**Work instructions**
Going through the entries below, count each line containing the word "eqxx". Report the number only.

Data items

▬▬▬▬▬▬▬▬▬▬

Lemma code_triple a : a \in A -> code a \in triples.
Proof.
move=> aA; rewrite mem_filter; apply/andP; split.
  have uniq_img : uniq [seq bvert i | i <- code a].
    rewrite map_inj_in_uniq ?filter_uniq ?iota_uniq // => i j.
    by rewrite !mem_code => /andP [i6 _] /andP [j6 _]; exact: bvert_inj.
  rewrite -(size_map bvert) -(card_uniqP uniq_img) -(eq_card (nbhd_codeE aA)).
  by rewrite card_nbhd (ftb_degA S aA).
rewrite /code filter_mask; apply/mapP; exists [seq e a (bvert i) | i <- iota 0 6] => //.
by have := mem_bitseqs [seq e a (bvert i) | i <- iota 0 6]; rewrite size_map size_iota.
Qed.

Lemma code_eq a a' : a \in A -> a' \in A -> (code a == code a') = (nbhd e a == nbhd e a').
Proof.
move=> aA a'A; apply/eqP/eqP => [E | N].
  by apply/setP => y; rewrite (nbhd_codeE aA) (nbhd_codeE a'A) E.
by apply: eq_filter => i; rewrite -!(in_set (e _)) -!/(nbhd e _) N.
Qed.

Definition mult (t : seq nat) : nat := #|[set a in A | code a == t]|.

Definition blocks : seq (seq nat) := [seq t <- triples | 0 < mult t].

Local Notation c := #|twins e A a0|.

Lemma mult_code a : a \in A -> mult (code a) = c.
Proof.
move=> aA; rewrite -(card_twins S aA a0A); apply: eq_card => a'.
by rewrite !inE; case a'A: (a' \in A); rewrite //= code_eq.
Qed.

Lemma mult_pos t : 0 < mult t -> exists2 a, a \in A & code a = t.
Proof. by rewrite card_gt0 => /set0Pn [a]; rewrite inE => /andP [aA /eqP]; exists a. Qed.

Lemma multE t : mult t = c * (0 < mult t).
Proof.
have [->|mpos] := posnP (mult t); first by rewrite muln0.
by rewrite muln1; have [a aA <-] := mult_pos mpos; exact: mult_code.
Qed.

Lemma sum_code (F : seq nat -> nat) :
  \sum_(a in A) F (code a) = c * \sum_(t <- blocks) F t.
Proof.
have sel a : a \in A -> F (code a) = \sum_(t <- triples) (code a == t) * F t.
  move=> aA; rewrite (bigD1_seq (code a)) ?code_triple ?uniq_triples //= eqxx mul1n.
  by rewrite big1 ?addn0 // => t; rewrite eq_sym => /negbTE ->.
rewrite (eq_bigr _ sel) exchange_big big_distrr /blocks [in RHS]big_filter [in RHS]big_mkcond.
apply: eq_bigr => t _; rewrite -big_distrl /=.
have -> : \sum_(a in A) (code a == t : nat) = mult t by rewrite /mult -sum1dep_card -big_mkcondr.
by rewrite [in LHS]multE; case: (0 < mult t); rewrite ?muln1 ?muln0.
Qed.

Lemma deg_bvert i : i < 6 -> deg e (bvert i) = c * point_count blocks i.
Proof.
move=> i6; rewrite -card_nbhd (card_set_sum (A := A)) => [|a]; last first.
  by rewrite unfold_in => /(edgeB S); apply; exact: bvertB.
rewrite (eq_bigr (fun a => (i \in code a) : nat)) => [|a aA]; last first.
  by rewrite mem_code i6 (ftb_sym S).
by rewrite (sum_code (fun t => (i \in t) : nat)) /point_count -sum1_count [in RHS]big_mkcond.
Qed.

Lemma codeg_bvert i j : i < 6 -> j < 6 -> codeg e (bvert i) (bvert j) = c * pair_count blocks i j.
Proof.
move=> i6 j6; rewrite /codeg (card_set_sum (A := A)) => [|a]; last first.
  rewrite unfold_in => /andP [eai _].
  by apply: contraTT (bvertB i6) => /(edgeB S eai); rewrite negbK.
rewrite (eq_bigr (fun a => ((i \in code a) && (j \in code a)) : nat)) => [|a aA].
  rewrite (sum_code (fun t => ((i \in t) && (j \in t)) : nat)).
  by rewrite /pair_count -sum1_count [in RHS]big_mkcond.
by rewrite !mem_code i6 j6.
Qed.

Lemma card_twins1 : c = 1.
Proof.
have cardT : #|T| = 16 by rewrite -(cardsC A) cardA cardB.
have deg5 : 5 = c * point_count blocks 0.
  by rewrite -deg_bvert // (ftb_degB S) // inE bvertB.
have c_dvd : c %| 5 by rewrite deg5 dvdn_mulr.
have /primeP [_ /(_ c c_dvd) /orP [/eqP // | /eqP c5]] : prime 5 by [].
by have := card_le_of_twins S a0A c5; rewrite cardT.
Qed.

Lemma blocks_regular : regular5 blocks.
Proof.
apply/allP => i; rewrite mem_iota => /= i6.
by have := deg_bvert i6; rewrite card_twins1 mul1n (ftb_degB S) ?inE ?bvertB // => <-.
Qed.

Lemma covered_pair i j : i < 6 -> j < 6 -> pair_count blocks i j != 0 ->
  exists2 a, a \in A & e a (bvert i) && e a (bvert j).
Proof.
move=> i6 j6; rewrite -lt0n -has_count => /hasP [t].
rewrite mem_filter => /andP [/mult_pos [a aA <-] _]; rewrite !mem_code i6 j6.
by exists a.
Qed.

Lemma mem_covered_pair_counts n : n \in covered_pair_counts blocks ->
  exists i j, [/\ n = c * pair_count blocks i j, i < 6, j < 6, bvert i != bvert j &
    exists2 a, a \in A & (bvert i \in nbhd e a) && (bvert j \in nbhd e a)].
Proof.
rewrite mem_filter => /andP [n0 /allpairsPdep [i [j [iI jI En]]]]; subst n.
have /andP [ji jI'] : (j != i) && (j \in iota 0 6) by move: jI; rewrite mem_rem_uniq ?iota_uniq.
move: iI jI'; rewrite !mem_iota => i6 j6.
exists i, j; split => //; first by rewrite card_twins1 mul1n.
  by apply: contra ji => /eqP /(bvert_inj i6 j6) ->.
have [a aA eij] := covered_pair i6 j6 n0.
by exists a; rewrite ?inE.
Qed.

Lemma blocks_balanced : pair_balanced blocks.
Proof.
apply/allrelP => n m.
move=> /mem_covered_pair_counts [i [j [-> i6 j6 ij [a aA /andP [ia ja]]]]].
move=> /mem_covered_pair_counts [i' [j' [-> i'6 j'6 i'j' [a' a'A /andP [i'a' j'a']]]]].
by rewrite -!codeg_bvert // (codeg_nbhd_const S _ aA a'A ia ja ij i'a' j'a' i'j').
Qed.

Lemma blocks_embed_H610 : exists2 p, perm_eq p (iota 0 6) & embeds blocks p.
Proof.
have blocksE : blocks = mask [seq 0 < mult t | t <- triples] triples by exact: filter_mask.
have s20 : size [seq 0 < mult t | t <- triples] = 20 by rewrite size_map size_triples.
by have := balanced_design_embeds s20; rewrite -blocksE => /(_ blocks_regular blocks_balanced).
Qed.

Definition rep (t : seq nat) : T := odflt a0 [pick a in A | code a == t].

Lemma rep_block t : t \in blocks -> rep t \in A /\ code (rep t) = t.
Proof.
rewrite mem_filter => /andP [/mult_pos [a aA <-] _]; rewrite /rep.
by case: pickP => [a' /andP [a'A /eqP] // | /(_ a)]; rewrite aA eqxx.
Qed.

Section Embedding.
Variable p : seq nat.
Hypotheses (p_perm : perm_eq p (iota 0 6)) (p_emb : embeds blocks p).

Lemma perm_nth_lt (j : 'I_6) : nth 0 p j < 6.
Proof.
have : nth 0 p j \in iota 0 6 by rewrite -(perm_mem p_perm) mem_nth ?(perm_size p_perm).
by rewrite mem_iota.
Qed.

Lemma perm_nth_inj (j j' : 'I_6) : nth 0 p j = nth 0 p j' -> j = j'.
Proof.
move/eqP; rewrite nth_uniq ?(perm_size p_perm) ?(perm_uniq p_perm) ?iota_uniq //.
by move/eqP/ord_inj.
Qed.

Let blk (k : 'I_10) := relabel p (H610_block k).

Lemma blk_inj : injective blk.
Proof.
move=> k k' Ek; have /andP [uniq_img _] := p_emb.
have := @nth_uniq _ [::] [seq relabel p (H610_block k) | k <- iota 0 10] k k'.
rewrite size_map size_iota !ltn_ord => /(_ isT isT uniq_img).
rewrite !(nth_map 0) ?size_iota // !nth_iota // !add0n -/(blk k) -/(blk k') Ek eqxx.
by move=> /esym/eqP; apply: ord_inj.
Qed.

Lemma rep_blk k : rep (blk k) \in A /\ code (rep (blk k)) = blk k.
Proof.
have /andP [_ /allP img_blocks] := p_emb.
apply: rep_block; apply: img_blocks; apply/mapP; exists (val k) => //.
by rewrite mem_iota ltn_ord.
Qed.

Lemma rep_blk_adj (j : 'I_6) (k : 'I_10) :
  e (rep (blk k)) (bvert (nth 0 p j)) = (val j \in H610_block k).
Proof.
have blockB : {subset H610_block k <= iota 0 6} by move=> i; rewrite mem_filter => /andP [].
have [_ code_rep] := rep_blk k.
rewrite -(mem_relabel p_perm blockB (ltn_ord j)) -/(blk k) -[X in _ \in X]code_rep.
by rewrite mem_code perm_nth_lt.
Qed.

Definition H610_embedding (i : 'I_(6 + 10)) : T :=
  match split i with inl j => bvert (nth 0 p j) | inr k => rep (blk k) end.

Lemma H610_embedding_inj : injective H610_embedding.
Proof.
move=> i i'; rewrite -(splitK i) -(splitK i') /H610_embedding !unsplitK.
case: (split i) => [j|k]; case: (split i') => [j'|k'] E /=.
- by rewrite (perm_nth_inj (bvert_inj (perm_nth_lt j) (perm_nth_lt j') E)).
- by have := bvertB (perm_nth_lt j); rewrite E (proj1 (rep_blk k')).
- by have := bvertB (perm_nth_lt j'); rewrite -E (proj1 (rep_blk k)).
- by rewrite (@blk_inj k k') // -(proj2 (rep_blk k)) E (proj2 (rep_blk k')).
Qed.

Lemma H610_embeddingE i i' : e (H610_embedding i) (H610_embedding i') = H610 i i'.
Proof.
have [HBB HAA HBA] := H610_split.
rewrite -(splitK i) -(splitK i') /H610_embedding !unsplitK.
case: (split i) => [j|k]; case: (split i') => [j'|k'] /=.
- rewrite HBB; apply/negbTE/negP => /(edgeB S) /(_ (bvertB (perm_nth_lt j))).
  by rewrite (negbTE (bvertB (perm_nth_lt j'))).
- by rewrite HBA (ftb_sym S) rep_blk_adj.
- by rewrite H610_sym HBA rep_blk_adj.
- rewrite HAA; apply/negbTE/negP => /(edgeA S) /(_ (proj1 (rep_blk k))).
  by rewrite (proj1 (rep_blk k')).
Qed.

End Embedding.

▬▬▬▬▬▬▬▬▬▬

**Result of this exercise**
3